§ Data for this exercise:
== Segment start ==

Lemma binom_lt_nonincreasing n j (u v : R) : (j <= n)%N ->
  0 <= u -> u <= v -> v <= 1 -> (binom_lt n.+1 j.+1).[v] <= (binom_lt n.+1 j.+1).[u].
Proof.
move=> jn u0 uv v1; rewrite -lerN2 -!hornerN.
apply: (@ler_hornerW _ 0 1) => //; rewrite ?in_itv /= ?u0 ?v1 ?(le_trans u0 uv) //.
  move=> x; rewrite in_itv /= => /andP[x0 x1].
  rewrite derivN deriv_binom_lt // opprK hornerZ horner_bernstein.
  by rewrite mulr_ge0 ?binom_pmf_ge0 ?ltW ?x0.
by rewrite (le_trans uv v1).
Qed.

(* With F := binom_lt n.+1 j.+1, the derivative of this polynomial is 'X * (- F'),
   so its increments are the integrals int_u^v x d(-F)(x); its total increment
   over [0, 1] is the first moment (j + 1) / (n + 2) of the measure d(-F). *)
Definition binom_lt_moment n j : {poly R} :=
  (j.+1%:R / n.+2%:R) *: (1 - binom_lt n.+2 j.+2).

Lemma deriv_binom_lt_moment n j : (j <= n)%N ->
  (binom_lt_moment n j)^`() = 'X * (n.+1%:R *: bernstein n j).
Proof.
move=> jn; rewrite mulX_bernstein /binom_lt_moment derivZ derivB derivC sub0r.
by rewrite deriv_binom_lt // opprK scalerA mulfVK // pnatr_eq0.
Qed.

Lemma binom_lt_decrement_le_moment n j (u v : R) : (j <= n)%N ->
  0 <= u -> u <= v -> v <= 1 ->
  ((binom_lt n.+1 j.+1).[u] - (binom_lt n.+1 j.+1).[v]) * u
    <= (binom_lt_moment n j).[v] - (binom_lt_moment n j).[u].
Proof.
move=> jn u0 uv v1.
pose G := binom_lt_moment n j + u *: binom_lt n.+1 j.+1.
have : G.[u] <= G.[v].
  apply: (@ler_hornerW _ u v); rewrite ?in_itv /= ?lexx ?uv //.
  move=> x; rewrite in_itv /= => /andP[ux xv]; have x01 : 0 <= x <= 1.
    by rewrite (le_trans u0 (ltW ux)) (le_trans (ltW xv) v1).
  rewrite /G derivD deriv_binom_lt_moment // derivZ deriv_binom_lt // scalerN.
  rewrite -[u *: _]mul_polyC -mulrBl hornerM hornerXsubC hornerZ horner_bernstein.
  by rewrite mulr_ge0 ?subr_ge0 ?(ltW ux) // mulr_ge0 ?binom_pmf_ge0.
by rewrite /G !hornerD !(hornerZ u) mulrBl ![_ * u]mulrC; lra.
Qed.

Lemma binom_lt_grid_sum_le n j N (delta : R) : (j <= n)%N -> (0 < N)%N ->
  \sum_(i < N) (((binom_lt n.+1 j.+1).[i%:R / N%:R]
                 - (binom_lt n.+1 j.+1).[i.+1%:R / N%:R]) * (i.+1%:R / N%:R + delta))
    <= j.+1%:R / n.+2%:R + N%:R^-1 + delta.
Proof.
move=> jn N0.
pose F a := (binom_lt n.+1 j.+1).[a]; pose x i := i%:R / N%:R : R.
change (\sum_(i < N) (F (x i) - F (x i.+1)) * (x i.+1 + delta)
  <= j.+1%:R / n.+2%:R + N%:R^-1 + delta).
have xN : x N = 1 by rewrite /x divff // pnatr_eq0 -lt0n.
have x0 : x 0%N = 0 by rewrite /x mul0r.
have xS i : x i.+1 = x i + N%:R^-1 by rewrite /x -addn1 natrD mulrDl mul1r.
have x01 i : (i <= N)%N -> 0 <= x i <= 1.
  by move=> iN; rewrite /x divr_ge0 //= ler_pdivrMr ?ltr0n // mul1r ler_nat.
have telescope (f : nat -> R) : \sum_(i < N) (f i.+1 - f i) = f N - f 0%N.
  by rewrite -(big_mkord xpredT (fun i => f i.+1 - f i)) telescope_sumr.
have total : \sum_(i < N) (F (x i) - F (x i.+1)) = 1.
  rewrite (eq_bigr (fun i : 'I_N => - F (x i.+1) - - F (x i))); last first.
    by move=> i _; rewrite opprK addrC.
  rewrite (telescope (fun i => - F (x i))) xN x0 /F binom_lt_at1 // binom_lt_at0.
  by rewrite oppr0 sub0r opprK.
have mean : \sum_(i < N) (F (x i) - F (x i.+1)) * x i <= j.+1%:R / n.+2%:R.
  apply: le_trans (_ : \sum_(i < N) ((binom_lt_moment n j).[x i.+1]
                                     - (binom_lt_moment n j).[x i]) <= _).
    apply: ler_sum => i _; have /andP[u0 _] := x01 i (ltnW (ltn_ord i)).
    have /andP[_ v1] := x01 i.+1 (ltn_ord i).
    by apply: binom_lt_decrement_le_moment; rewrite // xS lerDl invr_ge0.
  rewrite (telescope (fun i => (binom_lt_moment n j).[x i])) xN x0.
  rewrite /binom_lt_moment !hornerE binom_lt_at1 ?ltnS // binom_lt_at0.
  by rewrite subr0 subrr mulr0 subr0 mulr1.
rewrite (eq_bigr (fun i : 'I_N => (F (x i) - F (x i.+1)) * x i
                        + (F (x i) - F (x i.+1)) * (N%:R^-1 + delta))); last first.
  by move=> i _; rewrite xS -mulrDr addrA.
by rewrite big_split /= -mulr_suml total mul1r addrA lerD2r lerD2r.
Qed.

== Segment end ==
== Segment start ==

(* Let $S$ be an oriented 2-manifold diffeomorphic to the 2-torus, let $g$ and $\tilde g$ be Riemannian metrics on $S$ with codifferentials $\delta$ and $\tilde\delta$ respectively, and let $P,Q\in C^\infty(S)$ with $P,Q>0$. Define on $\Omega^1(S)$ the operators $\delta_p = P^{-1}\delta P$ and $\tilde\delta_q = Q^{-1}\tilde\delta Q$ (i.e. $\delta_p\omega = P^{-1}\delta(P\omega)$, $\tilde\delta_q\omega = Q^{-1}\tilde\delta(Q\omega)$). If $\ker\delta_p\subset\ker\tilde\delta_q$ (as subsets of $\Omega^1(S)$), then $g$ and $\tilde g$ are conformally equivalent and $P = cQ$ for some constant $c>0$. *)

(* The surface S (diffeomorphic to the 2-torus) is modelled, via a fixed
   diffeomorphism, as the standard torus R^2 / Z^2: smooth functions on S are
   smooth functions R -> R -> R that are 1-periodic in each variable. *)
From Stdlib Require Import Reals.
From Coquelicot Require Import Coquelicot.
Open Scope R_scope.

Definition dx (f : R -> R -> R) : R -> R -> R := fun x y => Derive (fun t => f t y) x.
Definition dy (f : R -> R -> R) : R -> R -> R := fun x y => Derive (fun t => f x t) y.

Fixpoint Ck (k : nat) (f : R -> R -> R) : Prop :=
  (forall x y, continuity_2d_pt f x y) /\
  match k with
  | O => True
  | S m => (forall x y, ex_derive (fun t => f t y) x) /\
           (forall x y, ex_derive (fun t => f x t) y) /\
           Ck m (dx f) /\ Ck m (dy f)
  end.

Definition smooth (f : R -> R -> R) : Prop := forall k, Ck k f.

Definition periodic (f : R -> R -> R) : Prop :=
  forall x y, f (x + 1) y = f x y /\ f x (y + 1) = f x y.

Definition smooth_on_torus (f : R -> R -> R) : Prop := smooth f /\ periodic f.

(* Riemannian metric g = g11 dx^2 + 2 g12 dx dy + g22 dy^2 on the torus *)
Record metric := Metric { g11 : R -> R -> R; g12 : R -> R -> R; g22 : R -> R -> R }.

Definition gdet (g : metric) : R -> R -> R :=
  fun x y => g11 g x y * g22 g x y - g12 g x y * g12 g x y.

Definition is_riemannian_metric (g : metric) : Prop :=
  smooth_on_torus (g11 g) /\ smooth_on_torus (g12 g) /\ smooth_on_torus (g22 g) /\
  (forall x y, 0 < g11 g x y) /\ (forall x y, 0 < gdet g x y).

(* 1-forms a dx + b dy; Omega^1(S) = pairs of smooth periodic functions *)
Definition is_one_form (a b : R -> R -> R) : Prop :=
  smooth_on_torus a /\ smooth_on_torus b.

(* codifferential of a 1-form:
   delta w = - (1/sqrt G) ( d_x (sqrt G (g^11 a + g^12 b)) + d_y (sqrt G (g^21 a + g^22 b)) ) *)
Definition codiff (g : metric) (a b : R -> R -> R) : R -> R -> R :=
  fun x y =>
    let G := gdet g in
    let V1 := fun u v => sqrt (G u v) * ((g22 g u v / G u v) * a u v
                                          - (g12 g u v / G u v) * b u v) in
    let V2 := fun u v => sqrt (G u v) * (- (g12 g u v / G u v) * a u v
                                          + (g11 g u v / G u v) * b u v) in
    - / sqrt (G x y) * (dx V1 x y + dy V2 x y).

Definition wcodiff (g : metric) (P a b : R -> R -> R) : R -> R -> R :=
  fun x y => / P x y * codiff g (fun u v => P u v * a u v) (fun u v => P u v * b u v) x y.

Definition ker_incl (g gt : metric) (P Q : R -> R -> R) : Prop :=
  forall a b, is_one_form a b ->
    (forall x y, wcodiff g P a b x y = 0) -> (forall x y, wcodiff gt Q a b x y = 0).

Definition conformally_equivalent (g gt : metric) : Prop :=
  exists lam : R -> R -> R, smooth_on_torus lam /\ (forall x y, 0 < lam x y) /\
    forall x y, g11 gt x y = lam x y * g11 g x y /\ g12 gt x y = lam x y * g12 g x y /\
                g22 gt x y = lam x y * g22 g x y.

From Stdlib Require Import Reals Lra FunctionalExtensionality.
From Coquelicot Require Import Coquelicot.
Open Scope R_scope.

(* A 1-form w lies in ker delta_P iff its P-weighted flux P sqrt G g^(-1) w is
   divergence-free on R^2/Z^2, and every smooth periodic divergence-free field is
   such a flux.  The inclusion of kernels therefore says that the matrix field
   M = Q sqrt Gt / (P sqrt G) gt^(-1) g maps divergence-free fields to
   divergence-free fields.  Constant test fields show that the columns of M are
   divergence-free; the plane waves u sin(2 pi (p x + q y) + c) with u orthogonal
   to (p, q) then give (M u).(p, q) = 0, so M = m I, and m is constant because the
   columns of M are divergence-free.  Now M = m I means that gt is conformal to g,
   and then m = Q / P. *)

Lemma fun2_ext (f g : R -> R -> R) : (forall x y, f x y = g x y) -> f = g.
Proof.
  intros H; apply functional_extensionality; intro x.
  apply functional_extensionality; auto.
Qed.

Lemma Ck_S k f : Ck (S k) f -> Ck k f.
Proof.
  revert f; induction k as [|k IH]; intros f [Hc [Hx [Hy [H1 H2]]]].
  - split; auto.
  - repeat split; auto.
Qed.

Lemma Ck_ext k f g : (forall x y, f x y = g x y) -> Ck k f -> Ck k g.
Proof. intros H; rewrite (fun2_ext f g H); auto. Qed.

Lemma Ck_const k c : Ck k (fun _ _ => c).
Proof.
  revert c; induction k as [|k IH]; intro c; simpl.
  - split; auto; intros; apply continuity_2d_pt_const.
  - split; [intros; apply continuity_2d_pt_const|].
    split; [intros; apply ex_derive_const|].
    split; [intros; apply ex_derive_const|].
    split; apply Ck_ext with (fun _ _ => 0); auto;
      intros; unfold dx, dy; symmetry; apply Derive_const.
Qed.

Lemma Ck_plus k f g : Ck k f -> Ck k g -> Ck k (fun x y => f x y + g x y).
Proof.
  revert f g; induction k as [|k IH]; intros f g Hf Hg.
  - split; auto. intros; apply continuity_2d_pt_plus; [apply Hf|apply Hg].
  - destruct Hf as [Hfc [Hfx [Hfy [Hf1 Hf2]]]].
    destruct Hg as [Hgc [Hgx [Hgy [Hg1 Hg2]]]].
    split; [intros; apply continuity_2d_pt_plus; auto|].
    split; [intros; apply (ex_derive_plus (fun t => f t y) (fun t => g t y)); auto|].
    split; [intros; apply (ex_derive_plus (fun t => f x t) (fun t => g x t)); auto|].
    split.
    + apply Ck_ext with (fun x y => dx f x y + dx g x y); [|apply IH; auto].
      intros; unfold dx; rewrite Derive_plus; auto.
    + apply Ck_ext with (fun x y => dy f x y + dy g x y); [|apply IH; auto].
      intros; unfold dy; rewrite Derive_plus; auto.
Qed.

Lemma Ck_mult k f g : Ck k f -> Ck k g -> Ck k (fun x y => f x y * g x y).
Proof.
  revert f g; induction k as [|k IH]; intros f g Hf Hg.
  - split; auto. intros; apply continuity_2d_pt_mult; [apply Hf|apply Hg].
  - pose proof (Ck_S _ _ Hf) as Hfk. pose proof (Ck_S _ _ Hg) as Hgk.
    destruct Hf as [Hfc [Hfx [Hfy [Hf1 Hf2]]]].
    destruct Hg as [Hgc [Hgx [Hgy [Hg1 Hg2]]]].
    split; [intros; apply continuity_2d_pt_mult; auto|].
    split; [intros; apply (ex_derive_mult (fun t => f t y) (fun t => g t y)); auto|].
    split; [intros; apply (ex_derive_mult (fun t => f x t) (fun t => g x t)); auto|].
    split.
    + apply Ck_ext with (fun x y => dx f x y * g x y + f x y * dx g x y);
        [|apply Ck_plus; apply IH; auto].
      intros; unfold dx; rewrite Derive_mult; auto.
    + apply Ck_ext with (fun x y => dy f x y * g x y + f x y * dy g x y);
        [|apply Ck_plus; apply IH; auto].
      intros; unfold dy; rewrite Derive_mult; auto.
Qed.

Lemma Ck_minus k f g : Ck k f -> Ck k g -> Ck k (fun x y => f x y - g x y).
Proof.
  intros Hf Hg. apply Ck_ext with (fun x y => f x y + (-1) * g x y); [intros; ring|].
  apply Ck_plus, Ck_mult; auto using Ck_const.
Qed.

== Segment end ==

§ Brief: Among the entries above, the lines between the ones containing "- / sqrt (G" and "M = Q sqrt Gt", inclusive, are to be transcribed exactly. No other line is to be given.

§ Answer box:
    - / sqrt (G x y) * (dx V1 x y + dy V2 x y).

Definition wcodiff (g : metric) (P a b : R -> R -> R) : R -> R -> R :=
  fun x y => / P x y * codiff g (fun u v => P u v * a u v) (fun u v => P u v * b u v) x y.

Definition ker_incl (g gt : metric) (P Q : R -> R -> R) : Prop :=
  forall a b, is_one_form a b ->
    (forall x y, wcodiff g P a b x y = 0) -> (forall x y, wcodiff gt Q a b x y = 0).

Definition conformally_equivalent (g gt : metric) : Prop :=
  exists lam : R -> R -> R, smooth_on_torus lam /\ (forall x y, 0 < lam x y) /\
    forall x y, g11 gt x y = lam x y * g11 g x y /\ g12 gt x y = lam x y * g12 g x y /\
                g22 gt x y = lam x y * g22 g x y.

From Stdlib Require Import Reals Lra FunctionalExtensionality.
From Coquelicot Require Import Coquelicot.
Open Scope R_scope.

(* A 1-form w lies in ker delta_P iff its P-weighted flux P sqrt G g^(-1) w is
   divergence-free on R^2/Z^2, and every smooth periodic divergence-free field is
   such a flux.  The inclusion of kernels therefore says that the matrix field
   M = Q sqrt Gt / (P sqrt G) gt^(-1) g maps divergence-free fields to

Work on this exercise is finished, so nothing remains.